There are no words to really quantify what I'm experiencing at the moment. One of my closest friends, Marni, sent me a youtube link of a family who just recently adopted a baby girl from China. It's Marni's godmother's grand daughter (catch all of that?! :) and I watched the video three times and still can't stop crying. I'm sure I'll watch it countless more. I had to share it because it moved me in a way that I don't think any video on youtube has. I've always had a strong desire to adopt if that was something that God willed for my life and luckily I have married someone who is having those discussions with me. We know it'll take a lot for that to happen and that the process can take a long time and be very expensive but it's definitely something we aren't ruling out for the future if God desires to bless us in this way.
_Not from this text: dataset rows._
Lemma cont_conv_uncurry_continuous {L : Type} {le : L -> L -> Prop} (hd : directed le)
  {s : L -> cmap u v} {f : cmap u v} :
  cont_conv u v le s f ->
  ccontinuous (prod_cl (limit_cl le) u) v (fun p => proj1_sig (with_limit s f (fst p)) (snd p)).
Proof.
  intros hsf.
  apply (continuous_of_net_conv (prod_cl_closure_op (limit_cl_closure_op hd) hu) hv).
  intros K leK hK p [z x] hp.
  pose proof (net_conv_fst hu hp) as hz.
  pose proof (net_conv_snd (limit_cl_closure_op hd) hp) as hx.
  intros V hV. destruct z as [l|]; simpl in hV.
  - destruct (eventually_and hK (hz _ (nbhd_Some l))
                (continuous_net_conv hv (proj2_sig (s l)) hx V hV)) as [k0 hk0].
    exists k0; intros k hk. destruct (hk0 k hk) as [hpk hVk]; simpl. rewrite hpk. exact hVk.
  (* Eventually [fst (p k)] is [None], where [f] is continuous, or some [Some l]
     beyond [l0], where continuous convergence applies. *)
  - destruct (hsf K leK hK _ x hx V hV) as [[l0 k0] hcc].
    pose proof (continuous_net_conv hv (proj2_sig f) hx V hV) as hfx.
    pose proof (hz _ (nbhd_tail l0)) as htail.
    destruct (eventually_and hK (eventually_and hK hfx htail) (ex_intro _ k0 (fun k hk => hk)))
      as [k1 hk1].
    exists k1; intros k hk. destruct (hk1 k hk) as [[hfk htk] hk0k]; simpl.
    destruct (fst (p k)) as [l|]; simpl.
    + exact (hcc (l, k) (conj htk hk0k)).
    + exact hfk.
Qed.

Lemma proper_iff : proper u v sigma <-> cont_conv_implies_conv u v sigma.
Proof.
  split.
  - intros hproper L le hd s f hsf.
    apply (limit_cl_continuous_iff hsigma (with_limit s f)).
    exact (hproper _ _ (limit_cl_closure_op hd) _ (with_limit s f) (fun _ _ => eq_refl)
             (cont_conv_uncurry_continuous hd hsf)).
  - intros hcc Z w hw g G hGg hg.
    assert (Eg : g = fun p => proj1_sig (G (fst p)) (snd p))
      by (apply functional_extensionality; intros [z x]; symmetry; apply hGg).
    subst g.
    apply (continuous_of_net_conv hw hsigma). intros L le hd zs z hz.
    apply (hcc _ _ hd). intros M leM hM xs x hx.
    exact (continuous_net_conv hv hg (net_conv_pair hz hx)).
Qed.

Lemma admissible_iff : admissible u v sigma <-> conv_implies_cont_conv u v sigma.
Proof.
  split.
  - intros hadm L le hd s f hsf M leM hM xs x hx.
    pose proof (proj2 (limit_cl_continuous_iff hsigma (with_limit s f)) hsf) as hG.
    pose proof (hadm _ _ (limit_cl_closure_op hd)
                  (fun p => proj1_sig (with_limit s f (fst p)) (snd p)) _
                  (fun _ _ => eq_refl) hG) as hg.
    exact (continuous_net_conv hv hg (net_conv_pair net_conv_Some hx)).
  - intros hconv Z w hw g G hGg hG.
    assert (Eg : g = fun p => proj1_sig (G (fst p)) (snd p))
      by (apply functional_extensionality; intros [z x]; symmetry; apply hGg).
    subst g.
    apply (continuous_of_net_conv (prod_cl_closure_op hw hu) hv).
    intros K leK hK p [z x] hp.
    pose proof (continuous_net_conv hsigma hG (net_conv_fst hu hp)) as hGz.
    exact (net_conv_diag hK (hconv _ _ hK _ _ hGz _ _ hK _ _ (net_conv_snd hw hp))).
Qed.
As many people know, my dad isn't my birth father and legally adopted me when I was four. I've known him since I was two and he's my daddy in every sense of the word. I learned from a young age that physically conceiving a child has NOTHING to do with being a parent. I think that's where a lot of my interest has come from about adoption because he chose to be my dad. He chose to love and care for me as his own and I used to ask him if he ever wished he had had his own kids and his response was always to the effect of..."I did, you are my daughter." I have never felt like anything other than his. I know my story is very different than typical adoption stories and I'm 1/2 adopted if you will :) but the point is that I feel like there's a reason my story has unfolded this way and there's a reason why I have such a strong desire to hopefully adopt someday, regardless of whether Ben and I are able to have biological children or not. Ben had never thought about adoption until he met me but after we started talking about it more he realized he was very open to the idea. Last year Ben and I volunteered with our church on a Sunday where the congreation went to places in Austin to serve, we didn't meet for regular church, we became the church in the city and it was incredible. We were with a couple of kids all day at a carnival and playing with them was so much fun but the pain I experienced when one little girl started calling me momma was so intense. I talked to her foster parent and she had been moved around so much and in out and of different foster families that she had begun getting confused with who her mother was so she'd call whatever woman was spending time with her "momma". My heart broke. She didn't know who to call "momma". I wanted to take her home right then and there. I know things aren't that simple but I just hate the thought of the countless children all over this country and world that are not loved. They are children of God and deserve to be loved, they deserve families who want to care for and raise them. Every child deserves to be loved simply for the fact that they are God's creation.
When I was living in Dallas, I went to Guatemala two times for summer mission trips and became very attached to a baby girl named Vivana. To this day, I still think about and pray for that sweet girl. She had a mom and they lived in a mud hut with hardly any food, clothing, etc. Her mother cared for her as best she could and I could sense how much she loved her baby girl but they had very little of the basic necessities to survive. I was in awe of the poverity that the children that came to our camp experienced in their lives, that they seemed so happy with SO little. I was so heartbroken by how excited they got when dinnertime came because I knew that meant that their tummies were empty countless more times than they were full. I kept thinking, "God if someday I can come back to this country and take one of these kids home to be my child..." I just kept wondering what that might be like but thinking what a long shot that it could ever happen in reality. The last night of the trip we all went to a celebratory dinner where we talked about the week, shared ways that we had seen God at work, etc. and I remember looking over at another table. There was a family who was celebrating what appeared to be an adoption and after I had been sitting for awhile just observing, I was moved to go talk to the mom. I will never forget that conversation. She was from the northeast, MA I think but anyway she had come to Guatemala for mission trips when she was a child and she told me that she began praying in middle school that if it was God's will for her life to adopt a child then He would make it possible. There she was many years later sitting with her husband, her biological daughter who was jumping up and down telling EVERYONE in the restaurant that this was her new baby sister, and her new daughter who they had just finalized the adoption that day. Her dream and prayers from when she was in middle school had been answered. She was going to take her baby girl home from Guatemala and the four of them were going to be a family.
So at this point, you are problem wondering why I'm rambling on about all of this. I'm asking for you to pray. I'm asking for you to pray for Ben and I and for God's will in our lives regarding children, both biological and adopted. I want His will for our marriage and family. It is no secret that the deepest desire of my heart is to be a mother, whether that's having biological children, adopting children, having both, etc. I don't know. I don't know what God's plans are but I do know I want Ben and I in the center of His will for our lives. So many times I go to my selfish desires and wondering when God will bless us with a child. The list of questions I ask (without trusting in faith) goes on and on... I am quickly reminded that it is not MY time but HIS time if and when HE chooses to bless us with children. I want to find a way to become more involved with adoption agencies, volunteering with foster children, etc. because I can sense God is calling me to serve in this area and it's definitely more than once a year at a church event. Please pray for discernment as I seek His direction in what that looks like and what He wants me to do. I'm so excited to see what God's plans are for the Brantmeier family! :)
In the meantime, please watch this video www.youtube.com/watch?v=VGB1bChnLfo
and thank you Marni for sharing it with me. It touched my soul.